In summary, **test_1** does not exhibit a covariate shift, while **test_2** shows significant covariate shift compared to the training dataset.

### Conclusion 

We know, A covariate shift refers to a situation where the distribution of the input features (covariates) in the test data is different from the distribution in the training data, even though the relationship between the features and the target variable (NO2(GT) in our case) remains the same.

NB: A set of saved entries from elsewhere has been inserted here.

Section Equivariant.
Variable A : M.
Hypothesis dl_equiv : tr_equivariant dl A.

Lemma tr_equivariant_l w u v : dl w (u *m A^T) v = dl (w *m A) u v.
Proof. by rewrite cochain_skew dl_equiv -cochain_skew. Qed.

Lemma dualbr_mulmxl u v : dualbr dl (u *m A^T) v = dualbr dl u v *m A^T.
Proof.
by apply/rowP => k; rewrite mulmx_entry pair_dualbr mxE tr_equivariant_l trmxK.
Qed.

Lemma dualbr_mulmxr u v : dualbr dl u (v *m A^T) = dualbr dl u v *m A^T.
Proof. by apply/rowP => k; rewrite mulmx_entry pair_dualbr mxE dl_equiv trmxK. Qed.

Lemma deform_dualbr :
  deform (dualbr dl) (fun e => e *m A^T) = fun u v => dualbr dl u v *m A^T.
Proof.
by apply/funext => u; apply/funext => v; rewrite /deform dualbr_mulmxl dualbr_mulmxr addrK.
Qed.

Lemma tr_equivariantX k : tr_equivariant dl (A ^+ k).
Proof.
elim: k => [|k IHk] w u v; first by rewrite expr0 trmx1 !mulmx1.
by rewrite exprSr -mulmxE trmx_mul !mulmxA IHk dl_equiv.
Qed.

Lemma tr_equivariant_cochain_mul (B : M) :
  A * B = B * A -> tr_equivariant (cochain_mul dl B) A.
Proof. by move=> AB w u v; rewrite /cochain_mul dl_equiv -!mulmxA !mulmxE AB. Qed.

End Equivariant.
End Cochain.

(* The Chevalley–Eilenberg differential of [dl] for the bracket [b], evaluated
   at [x, y] and [a, c]: [cocycle (adstar b) b dl] is
   [forall x y a c, ce_diff b dl x y a c = 0] by conversion. *)
Definition ce_diff (b : V -> V -> V) (dl : V -> V -> V -> R) (x y a c : V) : R :=
  Defs.iota (adstar b x) (dl y) a c - Defs.iota (adstar b y) (dl x) a c
  - dl (b x y) a c.

Local Notation is_cocycle b dl := (cocycle (adstar b) b dl).

(* The commutator [[ᵗA, ad^*_x]]; the paper's [A^i_x] is
   [adstar_comm b (n^i) x + ad^*_{n^i x}]. *)
Definition adstar_comm (b : V -> V -> V) (A : M) (x e : V) : V :=
  adstar b x e *m A^T - adstar b x (e *m A^T).

Lemma adstar_deform (b : V -> V -> V) (A : M) : is_bilinear b -> forall x e,
  adstar (deform b (fun x => x *m A)) x e = adstar_comm b A x e + adstar b (x *m A) e.
Proof.
move=> b_bilin x e; apply/rowP => k.
rewrite /adstar_comm !(entryD, entryN) mulmx_entry trmxK !mxE.
rewrite !pair_adstar // pair_trmx /deform (slinB (pair_linr e)) (slinD (pair_linr e)).
ring.
Qed.
Lemma layer_size_neq0 n k : layer_size n k != 0.
Proof. by rewrite pnatr_eq0 -lt0n expn_gt0 K_gt0. Qed.

Lemma layer_card n k :
  \sum_(y <- desc n) ((y.1 == k)%:R : C) = (k < n)%:R * layer_size n k.
Proof.
rewrite big_allpairs_dep.
rewrite (eq_bigr (fun i => (k == i)%:R * layer_size n i)) => [|i _].
  by rewrite sum_indicator ?iota_uniq // mem_iota.
by rewrite big_const_seq count_predT size_iota iter_addr_0 mulr_natr eq_sym.
Qed.

Lemma layer_sum_out n f k : (n <= k)%N -> layer_sum (desc n) f k = 0.
Proof.
move=> nk; rewrite /layer_sum big_seq big1 // => y.
rewrite mem_desc => /andP[y1n _].
by rewrite ltn_eqF ?mul0r // (leq_trans y1n nk).
Qed.

Lemma layer_sum_supported m n f k : (m <= n)%N ->
  (forall y, y \notin desc m -> f y = 0) ->
  layer_sum (desc n) f k = layer_sum (desc m) f k.
Proof.
move=> mn fm; apply: eq_sum_supported; rewrite ?desc_uniq //.
  move=> y yNn; rewrite fm ?mulr0 //.
  by apply: contra yNn; apply: desc_subset.
by move=> y /fm->; rewrite mulr0.
Qed.

Lemma kop_kerP n f x : x \in desc n ->
  kop (desc n) (kerP n) f x = f x - layer_sum (desc n) f x.1 / layer_size n x.1.
Proof.
move=> xn; rewrite /kop /kerP.
under eq_bigr do rewrite mulrBl.
rewrite sumrB sum_indicator ?desc_uniq // xn mul1r mulr_suml; congr (_ - _).
by apply: eq_bigr => y _; rewrite eq_sym mulrAC.
Qed.

Lemma layer_sum_kerP n f k : layer_sum (desc n) (kop (desc n) (kerP n) f) k = 0.
Proof.
rewrite /layer_sum (eq_big_seq (fun y => (y.1 == k)%:R *
    (f y - layer_sum (desc n) f k / layer_size n k))); last first.
  by move=> y yn; rewrite kop_kerP //; case: eqP => [->|_]; rewrite ?mul0r.
under eq_bigr do rewrite mulrBr.
rewrite sumrB -mulr_suml layer_card -/(layer_sum _ _ _).
case: ltnP => kn; last by rewrite layer_sum_out // !mul0r subr0.
by rewrite mul1r mulrCA mulfV ?layer_size_neq0 // mulr1 subrr.
Qed.

Lemma kerP_hermitian s n : hermitian_on s (kerP n).
Proof.
apply: (@hermitian_on_real _ _ _
  (fun x y => (x == y)%:R - (x.1 == y.1)%:R / (K ^ (n - x.1))%:R)).
  by move=> x y; rewrite /kerP rmorphB rmorphM fmorphV !rmorph_nat.
move=> x y /=; rewrite eq_sym (eq_sym y.1); congr (_ - _).
by case: (x.1 =P y.1) => [->|]; rewrite ?mul0r.
Qed.

Lemma kop_kerQ n f x :
  kop (desc n.+1) (kerQ n) f x = (x \in desc n)%:R * kop (desc n) (kerP n) f x.
Proof.
rewrite /kop (eq_bigr (fun y =>
    (x \in desc n)%:R * ((y \in desc n)%:R * kerP n x y * f y))) => [|y _].
  rewrite -mulr_sumr (@eq_sum_supported _ _ _ (desc n)) ?desc_uniq //.
  - by congr (_ * _); apply: eq_big_seq => y ->; rewrite mul1r.
  - move=> y yNn1.
    by rewrite (contraNF (@desc_subset _ _ (leqnSn n) y)) ?mul0r.
  - by move=> y /negbTE->; rewrite !mul0r.
by rewrite /kerQ -mulnb natrM !mulrA.
Qed.

Lemma kerQ_hermitian s n : hermitian_on s (kerQ n).
Proof.
move=> x y xs ys; rewrite /kerQ rmorphM /= rmorph_nat andbC.
by rewrite (@kerP_hermitian s n x y xs ys).
Qed.

Lemma kerE_hermitian s n : hermitian_on s (kerE n).
Proof. exact/hermitian_onB/kerQ_hermitian/kerP_hermitian. Qed.

Lemma layer_sum_kerQ n f k :
  layer_sum (desc n.+1) (kop (desc n.+1) (kerQ n) f) k = 0.
Proof.
rewrite (@layer_sum_supported n) // => [|y]; last first.
  by rewrite kop_kerQ => /negbTE->; rewrite mul0r.
rewrite -(layer_sum_kerP n f k); apply: eq_big_seq => y yn.
by rewrite kop_kerQ yn mul1r.
Qed.

Lemma layer_sum_kerE n f k :
  layer_sum (desc n.+1) (kop (desc n.+1) (kerE n) f) k = 0.
Proof.
rewrite /layer_sum (eq_bigr (fun y =>
    (y.1 == k)%:R * kop (desc n.+1) (kerP n.+1) f y -
    (y.1 == k)%:R * kop (desc n.+1) (kerQ n) f y)) => [|y _].
  by rewrite sumrB -!/(layer_sum _ _ _) layer_sum_kerP layer_sum_kerQ subrr.
by rewrite kopBl mulrBr.
Qed.

Lemma kerE_annihilates n f : (forall y, y \notin desc n -> f y = 0) ->
  (forall k, layer_sum (desc n) f k = 0) ->
  {in desc n.+1, forall x, kop (desc n.+1) (kerE n) f x = 0}.
Proof.
move=> fn f0 x xn1; rewrite kopBl kop_kerQ kop_kerP // (@layer_sum_supported n) //.
rewrite f0 mul0r subr0; have [xn|xNn] := boolP (x \in desc n).
  by rewrite kop_kerP // f0 mul0r subr0 mul1r subrr.
by rewrite mul0r subr0 fn.
Qed.

Lemma sum_div_eq m q :
  \sum_(j <- iota 0 (K * m)) (((j %/ K)%N == q)%:R : C) = (q < m)%:R * K%:R.
Proof.
elim: m => [|m IH]; first by rewrite muln0 big_nil mul0r.
rewrite mulnS addnC iotaD big_cat IH add0n.
rewrite (eq_big_seq (fun _ => (m == q)%:R)) => [|j]; last first.
  rewrite mem_iota => /andP[lo hi]; rewrite -(subnKC lo) mulnC divnMDl //.
  by rewrite divn_small ?addn0 // ltn_subLR // mulnC.
rewrite big_const_seq count_predT size_iota iter_addr_0 /=.
case: (m =P q) => [<-|/eqP mq]; first by rewrite ltnn ltnSn mul0r add0r mul1r.
have qm : (q == m) = false by rewrite eq_sym; apply: negbTE.
by rewrite ltnS [(q <= m)%N]leq_eqVlt qm mul0rn addr0.
Qed.

Lemma children_count n z k : z \in desc n ->
  \sum_(y <- desc n) ((y.1 == k) && (z == parent K y))%:R =
  (z.1 == k.+1)%:R * K%:R :> C.
Proof.
case: z => z1 z2 zn; rewrite big_allpairs_dep /=.
rewrite (eq_bigr (fun k' => (k == k')%:R * \sum_(j <- iota 0 (K ^ (n - k')))
    ((z1 == k'.+1) && ((j %/ K)%N == z2))%:R)) => [|k' _]; last first.
  rewrite mulr_sumr; apply: eq_bigr => j _.
  by rewrite /parent xpair_eqE /= -natrM mulnb (eq_sym k) (eq_sym z2).
rewrite sum_indicator ?iota_uniq // mem_iota /=.
move: zn; rewrite mem_desc /= => /andP[z1n z2n].
case: (z1 =P k.+1) => [z1k|_]; last by rewrite mul0r big1 ?mulr0.
subst z1; have kn := ltnW z1n.
by rewrite -(subnSK kn) expnS add0n kn /= sum_div_eq z2n !mul1r.
Qed.

(* No vertex is both a child and the parent of another one. *)
Lemma adj_natE y z :
  (adj K y z)%:R = (z == parent K y)%:R + (y == parent K z)%:R :> C.
Proof.
rewrite /adj; case: (z =P parent K y) => [zy|_]; last by rewrite add0r.
case: (y =P parent K z) => [yz|_]; last by rewrite addr0.
by move: zy; rewrite yz /parent => /(congr1 fst) /= /eqP; rewrite ltn_eqF // leqW.
Qed.

Lemma layer_weight_kAB n z k : z \in desc n ->
  \sum_(y <- desc n) (y.1 == k)%:R * kAB y z =
  K%:R * (z.1 == k.+1)%:R + (k < n)%:R * (z.1.+1 == k)%:R +
  (k == 0%N)%:R * b%:C * (z.1 == k)%:R.
Proof.
move=> zn; rewrite /kAB.
under eq_bigr do rewrite adj_natE !mulrDr.
rewrite !big_split /=; congr (_ + _ + _).
- rewrite mulrC -(children_count k zn).
  by apply: eq_bigr => y _; rewrite -natrM mulnb.
- rewrite (eq_bigr (fun y => (parent K z == y)%:R * (y.1 == k)%:R)) => [|y _].
    rewrite sum_indicator ?desc_uniq // (parent_desc zn) /=.
    by case: eqP => [<-|_]; rewrite ?mulr0.
  by rewrite mulrC eq_sym.
rewrite (eq_bigr (fun y =>
    (z == y)%:R * ((y.1 == k)%:R * (y.1 == 0%N)%:R * b%:C))) => [|y _].
  rewrite sum_indicator ?desc_uniq // zn mul1r.
  by case: eqP => [->|_]; rewrite ?mul1r ?mulr1 ?mul0r ?mulr0.
rewrite -mulnb natrM [y == z]eq_sym.
by case: (z == y); rewrite ?mul0r ?mulr0 ?mul1r ?mulrA.
Qed.

(* [kAB] maps the functions with vanishing layer sums into themselves, since
   the layer weights of [layer_weight_kAB] only depend on the layer of [z]. *)
Lemma layer_sum_kAB n g k : (forall j, layer_sum (desc n) g j = 0) ->
  layer_sum (desc n) (kop (desc n) kAB g) k = 0.
Proof.
move=> g0; rewrite /layer_sum /kop.
under eq_bigr do rewrite mulr_sumr.
rewrite exchange_big /= (eq_big_seq (fun z =>
    K%:R * ((z.1 == k.+1)%:R * g z) + (k < n)%:R * ((z.1.+1 == k)%:R * g z) +
    (k == 0%N)%:R * b%:C * ((z.1 == k)%:R * g z))) => [|z zn]; last first.
  under eq_bigr do rewrite mulrA.
  by rewrite -mulr_suml layer_weight_kAB // !mulrDl !mulrA.
rewrite !big_split /= -!mulr_sumr -!/(layer_sum _ _ _) !g0 !mulr0 add0r addr0.
case: k => [|j]; first by rewrite big1 ?mulr0 // => z _; rewrite mul0r.
by under eq_bigr do rewrite eqSS; rewrite -/(layer_sum _ _ _) g0 mulr0.
Qed.

(* Outside [desc n], only the root [(n, 0)] sees [desc n], through its
   children in the top layer [n.-1]. *)
Lemma kop_kAB_out n g x :
  layer_sum (desc n) g n.-1 = 0 -> x \notin desc n -> kop (desc n) kAB g x = 0.
Proof.
move=> g0 xNn; rewrite /kop (eq_big_seq (fun y =>
    (x == (n, 0%N))%:R * ((y.1 == n.-1)%:R * g y))) => [|y yn].
  by rewrite -mulr_sumr -/(layer_sum _ _ _) g0 mulr0.
rewrite /kAB /adj (parent_desc_out xNn yn).
have -> : (y == parent K x) = false.
  by apply: contraNF xNn => /eqP yx; apply: desc_parent; rewrite -yx.
have -> : (x == y) = false by apply: contraNF xNn => /eqP->.
by rewrite /= mul0r addr0 -mulnb natrM mulrA.
Qed.

Lemma kAB_kerP_invariant n f : {in desc n, forall x,
  kop (desc n) (kerP n) (kop (desc n) kAB (kop (desc n) (kerP n) f)) x =
  kop (desc n) kAB (kop (desc n) (kerP n) f) x}.
Proof.
move=> x xn; rewrite kop_kerP // layer_sum_kAB ?mul0r ?subr0 // => j.
exact: layer_sum_kerP.
Qed.

Lemma kAB_kerQ_invariant n f : {in desc n.+1, forall x,
  kop (desc n.+1) (kerQ n) (kop (desc n.+1) kAB (kop (desc n.+1) (kerQ n) f)) x =
  kop (desc n.+1) kAB (kop (desc n.+1) (kerQ n) f) x}.
Proof.
move=> x xn1; set g := kop (desc n.+1) (kerQ n) f.
have gn y : y \notin desc n -> g y = 0.
  by rewrite /g kop_kerQ => /negbTE->; rewrite mul0r.
have g0 j : layer_sum (desc n) g j = 0.
  rewrite -(layer_sum_kerP n f j); apply: eq_big_seq => y yn.
  by rewrite /g kop_kerQ yn mul1r.
have kABg y : kop (desc n.+1) kAB g y = kop (desc n) kAB g y.
  apply: eq_sum_supported; rewrite ?desc_uniq // => z zN; rewrite gn ?mulr0 //.
  by apply: contra zN; apply: desc_subset.
rewrite kop_kerQ kABg; have [xn|xNn] := boolP (x \in desc n).
  rewrite mul1r kop_kerP // (_ : layer_sum _ _ _ = 0) ?mul0r ?subr0 ?kABg //.
  by rewrite -(layer_sum_kAB x.1 g0); apply: eq_bigr => y _; rewrite kABg.
by rewrite mul0r kop_kAB_out.
Qed.

Lemma kAB_kerE_comm n f : {in desc n.+1,
  kop (desc n.+1) kAB (kop (desc n.+1) (kerE n) f) =1
  kop (desc n.+1) (kerE n) (kop (desc n.+1) kAB f)}.
Proof.
move=> x xn1; rewrite (eq_kop _ (fun y _ => kopBl _ _ _ f y)) kopBr kopBl.
rewrite (kop_comm_of_invariant (desc_uniq _) (@kAB_hermitian _)
  (@kerP_hermitian _ _) (@kAB_kerP_invariant n.+1)) //.
by rewrite (kop_comm_of_invariant (desc_uniq _) (@kAB_hermitian _)
  (@kerQ_hermitian _ _) (@kAB_kerQ_invariant n)).
Qed.

Lemma level_eigenbasis n :
  {e : 'I_(size (desc n.+1)) -> vertex -> C & {dM : _ & {dE : _ |
    joint_eigenbasis (desc n.+1) kAB (kerE n) e dM dE}}}.
Proof.
apply: (joint_eigenbasis_of_comm (desc_uniq _) (@kAB_hermitian _)
  (@kerE_hermitian _ _)); exact: kAB_kerE_comm.
Qed.

Lemma sqnorm_eq0 (w : C) : sqnorm w = 0 -> w = 0.
Proof.
case: w => u v; rewrite /sqnorm /= => /eqP; rewrite paddr_eq0 ?sqr_ge0 //.
by rewrite !sqrf_eq0 => /andP[/eqP-> /eqP->].
Qed.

test_1 shows no covariate shift, meaning its data is similar to what the model saw during training.

test_2 exhibits covariate shift, meaning the distribution of NO2(GT) in test_2 is quite different from what was seen in the training data, which could impact model performance.

Hence, based on the results of the Kolmogorov-Smirnov (KS) test, we can ideally use test_1 for evaluating our model, since test_1 does not show covariate shift relative to the training dataset.